Die Viktorianer hatten einen ziemlich klaren Sinn für Fettleibigkeit. Aber die Bandbreite der Beschreibungen von Catherine zeigt, dass nicht jeder, der sie sah, sofort dachte: „Diese Frau ist fett!“ Einige fanden, dass sie recht angenehm aussah.
Die meisten negativen Interpretationen ihres Körpers spiegeln die Art und Weise wider, wie ihre Ehegeschichte von Kritikern neu erfunden wurde, die Dickens‘ Beispiel folgten. Die Kritik an ihrem Aussehen hätte es nicht gegeben, wenn die Ehe intakt geblieben wäre.
Wann haben Ihre Studenten geholfen, Catherines Rezepte zu testen?

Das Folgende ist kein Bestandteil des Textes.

(* Let $\mathbf A\in\mathbb C^{n\times n}$ with $\operatorname{Ind}\mathbf A=k$ and $\operatorname{rank}\mathbf A^{k+1}=\operatorname{rank}\mathbf A^{k}=r\le n$. Then $\mathbf A\mathbf A^{D}=(q_{ij})$ satisfies, for all $i,j=1,\dots,n$, \[q_{ij}=\frac{\sum_{\alpha\in I_{r,n}\{j\}}\left|\left(\mathbf A^{k+1}_{j.}(\mathbf a^{(k+1)}_{i.})\right)^{\alpha}_{\alpha}\right|}{\sum_{\alpha\in I_{r,n}}\left|(\mathbf A^{k+1})^{\alpha}_{\alpha}\right|},\] where $\mathbf a^{(k+1)}_{i.}$ is the $i$-th row of $\mathbf A^{k+1}$.
   Context: $\operatorname{Ind}\mathbf A$ is the smallest nonnegative $k$ with $\operatorname{rank}\mathbf A^{k+1}=\operatorname{rank}\mathbf A^{k}$; the Drazin inverse $\mathbf A^{D}$ is the unique $\mathbf X$ with $\mathbf A^{k+1}\mathbf X=\mathbf A^{k}$, $\mathbf X\mathbf A\mathbf X=\mathbf X$, $\mathbf A\mathbf X=\mathbf X\mathbf A$. $\mathbf M_{j.}(\mathbf c)$ denotes $\mathbf M$ with its $j$-th row replaced by the row vector $\mathbf c$. $I_{r,n}$ is the set of strictly increasing sequences of $r$ elements of $\{1,\dots,n\}$, $I_{r,n}\{j\}=\{\alpha\in I_{r,n}:j\in\alpha\}$, $\mathbf M^{\alpha}_{\alpha}$ is the principal submatrix indexed by $\alpha$, $|\cdot|$ is the determinant. *)

From HB Require Import structures.
From mathcomp Require Import all_boot all_order all_algebra.
Set Implicit Arguments. Unset Strict Implicit. Unset Printing Implicit Defensive.
Import Order.TTheory GRing.Theory Num.Theory.
Local Open Scope ring_scope.

Definition is_index (F : fieldType) (n : nat) (A : 'M[F]_n) (k : nat) : Prop :=
  \rank (A ^+ k.+1) = \rank (A ^+ k) /\
  (forall j : nat, (j < k)%N -> \rank (A ^+ j.+1) <> \rank (A ^+ j)).

Definition is_drazin_inverse (F : fieldType) (n : nat) (A X : 'M[F]_n) : Prop :=
  exists k : nat, is_index A k /\
    A ^+ k.+1 *m X = A ^+ k /\ X *m A *m X = X /\ A *m X = X *m A.

Definition row_repl (F : fieldType) (n : nat) (M : 'M[F]_n) (j : 'I_n)
  (c : 'rV[F]_n) : 'M[F]_n :=
  \matrix_(a < n, b < n) (if a == j then c 0 b else M a b).

(* |M^alpha_alpha| : principal minor of M indexed by the set alpha
   (rows/columns taken in increasing order, as enum of 'I_n is sorted). *)
Definition pminor (F : fieldType) (n : nat) (M : 'M[F]_n) (alpha : {set 'I_n}) : F :=
  \det (mxsub (@enum_val _ (mem alpha)) (@enum_val _ (mem alpha)) M).

From HB Require Import structures.
From mathcomp Require Import all_boot all_order all_algebra fingroup perm.
From mathcomp Require Import ring.
Set Implicit Arguments. Unset Strict Implicit. Unset Printing Implicit Defensive.
Import Order.TTheory GRing.Theory Num.Theory.
Local Open Scope ring_scope.

(* With P := A^(k+1) and Y := (A^D)^(k+1) we have A A^D = P Y, P Y P = P and
   P Y = Y P.  For a full-rank factorization P = B C with r = rank P, this
   forces C B to be invertible and A A^D = B (C B)^-1 C.  By Cauchy-Binet the
   sum of the r x r principal minors of B C is det (C B).  Replacing row j of
   P by its row i amounts to replacing row j of B by its row i, and the minors
   containing j are then the full sum minus the minors of B C with row j of B
   zeroed.  The matrix determinant lemma turns this difference into
   det (C B) times the (i, j) entry of B (C B)^-1 C. *)

Section CauchyBinet.
Variable R : comPzRingType.

Lemma det_mulmx_ffun r m (Y : 'M[R]_(r, m)) (X : 'M[R]_(m, r)) :
  \det (Y *m X) =
    \sum_(f : {ffun 'I_r -> 'I_m}) (\prod_a Y a (f a)) * \det (rowsub f X).
Proof.
rewrite /determinant.
transitivity (\sum_(s : 'S_r) \sum_(f : {ffun 'I_r -> 'I_m})
   (-1) ^+ s * ((\prod_a Y a (f a)) * \prod_a X (f a) (s a))).
  apply: eq_bigr => s _; rewrite -big_distrr /=; congr (_ * _).
  under eq_bigr do rewrite mxE.
  rewrite (bigA_distr_bigA (fun a l => Y a l * X l (s a))) /=.
  by apply: eq_bigr => f _; rewrite big_split.
rewrite exchange_big; apply: eq_bigr => f _ /=.
rewrite big_distrr /=; apply: eq_bigr => s _.
rewrite mulrCA; congr (_ * (_ * _)).
by apply: eq_bigr => a _; rewrite !mxE.
Qed.

Variables (N r : nat).
Implicit Types (A : {set 'I_N.+1}) (f : {ffun 'I_r -> 'I_N.+1}).

Definition enum_nth A (a : 'I_r) : 'I_N.+1 := nth ord0 (enum A) a.

Section EnumNth.
Variable A : {set 'I_N.+1}.
Hypothesis cardA : #|A| = r.

Lemma enum_nth_mem a : enum_nth A a \in A.
Proof. by rewrite -mem_enum mem_nth // -cardE cardA. Qed.

Lemma enum_nth_inj : injective (enum_nth A).
Proof.
move=> a b /eqP; rewrite nth_uniq ?enum_uniq -?cardE ?cardA //.
by move/eqP/val_inj.
Qed.

Lemma index_enum_nth a : index (enum_nth A a) (enum A) = a.
Proof. by rewrite index_uniq ?enum_uniq // -cardE cardA. Qed.

Lemma imset_enum_nth (g : 'I_r -> 'I_r) :
  injective g -> [set enum_nth A (g a) | a in [set: 'I_r]] = A.
Proof.
move=> g_inj; apply/eqP; rewrite eqEcard; apply/andP; split.
  by apply/subsetP => x /imsetP [a _ ->]; rewrite enum_nth_mem.
rewrite card_imset ?cardsT ?card_ord ?cardA //.
by move=> a b /enum_nth_inj /g_inj.
Qed.

End EnumNth.

(* An injection f : 'I_r -> 'I_N.+1 is determined by its image A and by the
   permutation g of 'I_r with f = enum_nth A \o g. *)
Definition enum_comp (p : {set 'I_N.+1} * {ffun 'I_r -> 'I_r}) :
  {ffun 'I_r -> 'I_N.+1} := [ffun a => enum_nth p.1 (p.2 a)].

Definition image_index f : {set 'I_N.+1} * {ffun 'I_r -> 'I_r} :=
  let A := [set f a | a in [set: 'I_r]] in
  (A, [ffun a => insubd a (index (f a) (enum A))]).

Lemma image_indexK f : injectiveb f -> enum_comp (image_index f) = f.
Proof.
move=> /injectiveP f_inj; apply/ffunP => a; rewrite !ffunE /= /enum_nth.
set A := [set f x | x in [set: 'I_r]].
have fA : f a \in A by apply: imset_f.
have cardA : #|A| = r by rewrite card_imset ?cardsT ?card_ord.
rewrite val_insubd -[X in (_ < X)%N]cardA cardE index_mem mem_enum fA.
by rewrite nth_index ?mem_enum.
Qed.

Während meines Kurzsemesters vor einigen Jahren mit dem Titel „Constructing Catherine Dickens“
Ich werde nie das Bild von zwei Studenten in meiner Küche vergessen, die Orangenkrapfen zubereiteten, das sind panierte und frittierte Orangenstücke. Das Öl spritzte überall hin, aber die Beignets schmeckten wirklich gut. Andererseits schmeckt alles, was frittiert wird, gut.
Wie würde die Geschichte von Charles und Catherine in der heutigen Boulevardpresse und in den sozialen Medien aussehen?
Es gibt wirklich keinen Vergleich, denn was in der Situation einer verletzten Ehefrau als angemessen gilt, hat sich seit den 1850er Jahren drastisch verändert. Catherine äußerte sich in der Öffentlichkeit überhaupt nicht zu ihrer Behandlung durch Dickens. Heute hat sogar Tiger Woods‘ Frau ein Interview mit dem People Magazine gegeben. Catherine lehnte diese Gelegenheiten stets ab.